# Work order
In the listing that follows, the lines starting at the one containing "Proof. by rewrite -map_val_core (prev_map" and ending at the one containing "rewrite mem_core -leqNgt => le_mx exy" are to be returned exactly, both boundary lines included, and no others.

(Task input Opens)

Lemma parent_lt v : m <= v -> v < n -> parent v < v.
Proof.
move=> le_mv lt_vn; have [m4 _ _ _] := cycle_len_facts.
have [lt_vk | le_kv] := ltnP v k; first by rewrite parent_middle //; lia.
exact: leq_trans (parent_lt_nonleaves le_mv lt_vn) le_kv.
Qed.

Definition ring := iota 0 m.
Definition ring_adj u v :=
  [&& u \in ring, v \in ring & (v == next ring u) || (u == next ring v)].
Definition adj u v :=
  [|| ring_adj u v, (m <= u) && (parent u == v) | (m <= v) && (parent v == u)].
Definition realization : rel 'I_n := fun x y => adj x y.

Lemma ring_adjE u : u \in ring ->
  ring_adj u =1 (fun v => (v == next ring u) || (v == prev ring u)).
Proof.
move=> ur v; have Ur : uniq ring := iota_uniq 0 m; rewrite /ring_adj ur /=.
apply/idP/idP => [/andP[vr /orP[-> // | /eqP ->]] | /orP[] /eqP ->].
- by rewrite prev_next // eqxx orbT.
- by rewrite mem_next ur eqxx.
- by rewrite mem_prev ur next_prev // eqxx orbT.
Qed.

Lemma odd_next_ring u : u \in ring -> odd (next ring u) = ~~ odd u.
Proof.
have [_ _ _ even_m] := cycle_len_facts.
by rewrite mem_iota add0n => /andP[_ lt_um]; rewrite next_iota0 // odd_mod ?(negbTE even_m).
Qed.

Lemma adj_sym : symmetric adj.
Proof.
move=> u v; rewrite /adj [in RHS](orbC (_ && _)); congr (_ || _).
by rewrite /ring_adj andbCA orbC.
Qed.

Lemma adj_irrefl u : u < n -> adj u u = false.
Proof.
move=> lt_un; have [m4 _ _ _] := cycle_len_facts; rewrite /adj orbb; apply/norP; split.
  rewrite /ring_adj orbb mem_iota add0n; apply/negP => /and3P[lt_um _ /eqP].
  rewrite next_iota0 //; have [lt_u1m | le_mu1] := ltnP u.+1 m.
    by rewrite modn_small //; lia.
  by rewrite (_ : u.+1 = m) ?modnn; lia.
by apply/andP => -[le_mu /eqP pu]; have := parent_lt le_mu lt_un; lia.
Qed.

Lemma realization_sym : symmetric realization.
Proof. by move=> x y; apply: adj_sym. Qed.

Lemma realization_simple : simple_graph realization.
Proof. by split=> [|x]; [apply: realization_sym | apply: adj_irrefl]. Qed.

Lemma count_ring_adj u : count (ring_adj u) (iota 0 n) = if u < m then 2 else 0.
Proof.
have [m4 _ _ _] := cycle_len_facts; have le_mn := cycle_len_le_n.
case: ifP => lt_um; last first.
  by rewrite (eq_count (a2 := pred0)) ?count_pred0 // => v; rewrite /ring_adj mem_iota lt_um.
have ur : u \in ring by rewrite mem_iota.
have count1 v : v \in ring -> count (eq_op^~ v) (iota 0 n) = 1.
  by rewrite -[count _ _]/(count_mem v _) count_uniq_mem ?iota_uniq // !mem_iota; lia.
rewrite (eq_count (ring_adjE ur)) count_orb_disjoint => [|v _]; last first.
  apply/negP => /andP[/eqP -> ]; apply/negP.
  by rewrite next_neq_prev ?iota_uniq ?size_iota ?(ltnW m4).
by rewrite !count1 ?mem_next ?mem_prev.
Qed.

Lemma map_parent_iota : map parent (iota m (n - m)) = parents.
Proof.
rewrite -size_parents -[m]addn0 iotaDl -map_comp -[RHS](mkseq_nth 0).
by apply: eq_map => i; rewrite /parent /= addKn.
Qed.

Lemma count_parent_edge u : u < n ->
  count (fun v => (m <= u) && (parent u == v)) (iota 0 n) = (m <= u).
Proof.
move=> lt_un; case: (leqP m u) => [le_mu | _]; last by rewrite count_pred0.
rewrite (eq_count (a2 := pred1 (parent u))) => [|v]; last by rewrite /= eq_sym.
rewrite count_uniq_mem ?iota_uniq // mem_iota /=.
by have := parent_lt le_mu lt_un; lia.
Qed.

Lemma count_child_edges u : u < n ->
  count (fun v => (m <= v) && (parent v == u)) (iota 0 n) = spare u.
Proof.
move=> lt_un; have le_mn := cycle_len_le_n.
rewrite -(subnKC le_mn) iotaD count_cat add0n.
rewrite (eq_in_count (a2 := pred0)) ?count_pred0 => [|v]; last first.
  by rewrite mem_iota add0n => /andP[_ lt_vm] /=; rewrite leqNgt lt_vm.
rewrite -count_parents // -map_parent_iota count_map; apply: eq_in_count => v.
by rewrite mem_iota => /andP[-> _].
Qed.

Lemma realization_realizes : realizes d realization.
Proof.
move=> x; have lt_xn := ltn_ord x; rewrite deg_nat_rel.
rewrite /adj count_orb_disjoint => [|v]; last first.
  rewrite /ring_adj !mem_iota => _; apply/negP.
  case/andP=> /and3P[/andP[_ lt_xm] /andP[_ lt_vm] _].
  by rewrite leqNgt lt_xm leqNgt lt_vm.
rewrite count_orb_disjoint => [|v]; last first.
  rewrite mem_iota add0n => /andP[_ lt_vn]; apply/negP.
  case/andP=> /andP[le_mx /eqP pxv] /andP[le_mv /eqP pvx].
  have := parent_lt le_mx lt_xn; have := parent_lt le_mv lt_vn.
  by rewrite pxv pvx; lia.
rewrite count_ring_adj count_parent_edge // count_child_edges // -spare_add //.
by case: ltnP; lia.
Qed.

Definition core : seq 'I_n := [seq x <- enum 'I_n | val x \in ring].

Lemma mem_core x : (x \in core) = (val x < m).
Proof. by rewrite mem_filter mem_enum andbT mem_iota. Qed.

Lemma uniq_core : uniq core.
Proof. exact/filter_uniq/enum_uniq. Qed.

Lemma map_val_core : map val core = ring.
Proof.
have le_mn := cycle_len_le_n.
rewrite /core -[filter _ _]/(filter (preim val (mem ring)) _) -filter_map val_enum_ord.
rewrite -(subnKC le_mn) iotaD filter_cat add0n (eq_in_filter (a2 := predT)) ?filter_predT.
  rewrite (eq_in_filter (a2 := pred0)) ?filter_pred0 ?cats0 // => v.
  rewrite mem_iota => /andP[le_mv _]; apply/negbTE.
  by rewrite -[mem ring v]/(v \in ring) mem_iota ltnNge le_mv andbF.
by move=> v vr; rewrite -[mem ring v]/(v \in ring) vr.
Qed.

Lemma val_next_core x : val (next core x) = next ring (val x).
Proof. by rewrite -map_val_core (next_map val_inj uniq_core). Qed.

Lemma val_prev_core x : val (prev core x) = prev ring (val x).
Proof. by rewrite -map_val_core (prev_map val_inj uniq_core). Qed.

Lemma core_cycle : is_cycle_seq realization core.
Proof.
have [m4 _ _ _] := cycle_len_facts.
rewrite /is_cycle_seq -(size_map val) map_val_core size_iota (ltnW m4) uniq_core.
suff : cycle adj (map val core) by rewrite cycle_map; apply: sub_cycle.
rewrite map_val_core.
apply: (sub_in_cycle (P := mem ring)) (cycle_next (iota_uniq 0 m)); last exact/allP.
by move=> u v ur _ /eqP <-; rewrite /adj /ring_adj ur mem_next ur eqxx.
Qed.

Lemma core_induced :
  {in core &, forall x y, realization x y -> (y == next core x) || (y == prev core x)}.
Proof.
move=> x y xc yc; rewrite -!(inj_eq val_inj) val_next_core val_prev_core.
move: xc yc; rewrite !mem_core => lt_xm lt_ym.
rewrite /realization /adj leqNgt lt_xm leqNgt lt_ym !orbF ring_adjE //.
by rewrite mem_iota.
Qed.

Lemma child_of_noncore (x y : 'I_n) : m <= x -> realization x y ->
  val y != parent x -> (y \notin core) && (x < y).
Proof.
move=> le_mx; rewrite /realization /adj /ring_adj mem_iota ltnNge le_mx /= eq_sym.
case/orP=> [/eqP -> | /andP[le_my /eqP <-] _]; first by rewrite eqxx.
by rewrite mem_core -leqNgt le_my parent_lt.
Qed.

Lemma cycles_in_core q : is_cycle_seq realization q -> {subset q <= core}.
Proof.
apply: (cycle_in_core realization_sym) => x y z.
rewrite mem_core -leqNgt => le_mx exy exz ne_yz.
have [e_py | ne_py] := eqVneq (val y) (parent x); last by rewrite child_of_noncore.
rewrite (child_of_noncore le_mx exz) ?orbT //.
by rewrite -e_py (inj_eq val_inj) eq_sym.
Qed.

Lemma realization_connected : connected_graph realization.
Proof.
apply: (connected_by_descent realization_sym (C := mem core)).
  by move=> x y xc yc; apply: connect_in_cycle xc yc; case/and3P: core_cycle.
move=> x; rewrite mem_core -leqNgt => le_mx.
have lt_px : parent x < x by rewrite parent_lt.
exists (Ordinal (ltn_trans lt_px (ltn_ord x))) => //.
by rewrite /realization /adj /= eqxx le_mx orbT.
Qed.

(* Leaves hang from non-leaves, so two levels of colouring suffice. *)
Definition nonleaf_colour v := if v < m then odd v else true.
Definition colour v := if v < k then nonleaf_colour v else ~~ nonleaf_colour (parent v).

Lemma colour_ring u : u \in ring -> colour u = odd u.
Proof.
have [_ le_mk _ _] := cycle_len_facts.
rewrite mem_iota add0n => /andP[_ lt_um].
by rewrite /colour /nonleaf_colour lt_um (leq_trans lt_um le_mk).
Qed.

(Task input Closes)

# Answer box
Proof. by rewrite -map_val_core (prev_map val_inj uniq_core). Qed.

Lemma core_cycle : is_cycle_seq realization core.
Proof.
have [m4 _ _ _] := cycle_len_facts.
rewrite /is_cycle_seq -(size_map val) map_val_core size_iota (ltnW m4) uniq_core.
suff : cycle adj (map val core) by rewrite cycle_map; apply: sub_cycle.
rewrite map_val_core.
apply: (sub_in_cycle (P := mem ring)) (cycle_next (iota_uniq 0 m)); last exact/allP.
by move=> u v ur _ /eqP <-; rewrite /adj /ring_adj ur mem_next ur eqxx.
Qed.

Lemma core_induced :
  {in core &, forall x y, realization x y -> (y == next core x) || (y == prev core x)}.
Proof.
move=> x y xc yc; rewrite -!(inj_eq val_inj) val_next_core val_prev_core.
move: xc yc; rewrite !mem_core => lt_xm lt_ym.
rewrite /realization /adj leqNgt lt_xm leqNgt lt_ym !orbF ring_adjE //.
by rewrite mem_iota.
Qed.

Lemma child_of_noncore (x y : 'I_n) : m <= x -> realization x y ->
  val y != parent x -> (y \notin core) && (x < y).
Proof.
move=> le_mx; rewrite /realization /adj /ring_adj mem_iota ltnNge le_mx /= eq_sym.
case/orP=> [/eqP -> | /andP[le_my /eqP <-] _]; first by rewrite eqxx.
by rewrite mem_core -leqNgt le_my parent_lt.
Qed.

Lemma cycles_in_core q : is_cycle_seq realization q -> {subset q <= core}.
Proof.
apply: (cycle_in_core realization_sym) => x y z.
rewrite mem_core -leqNgt => le_mx exy exz ne_yz.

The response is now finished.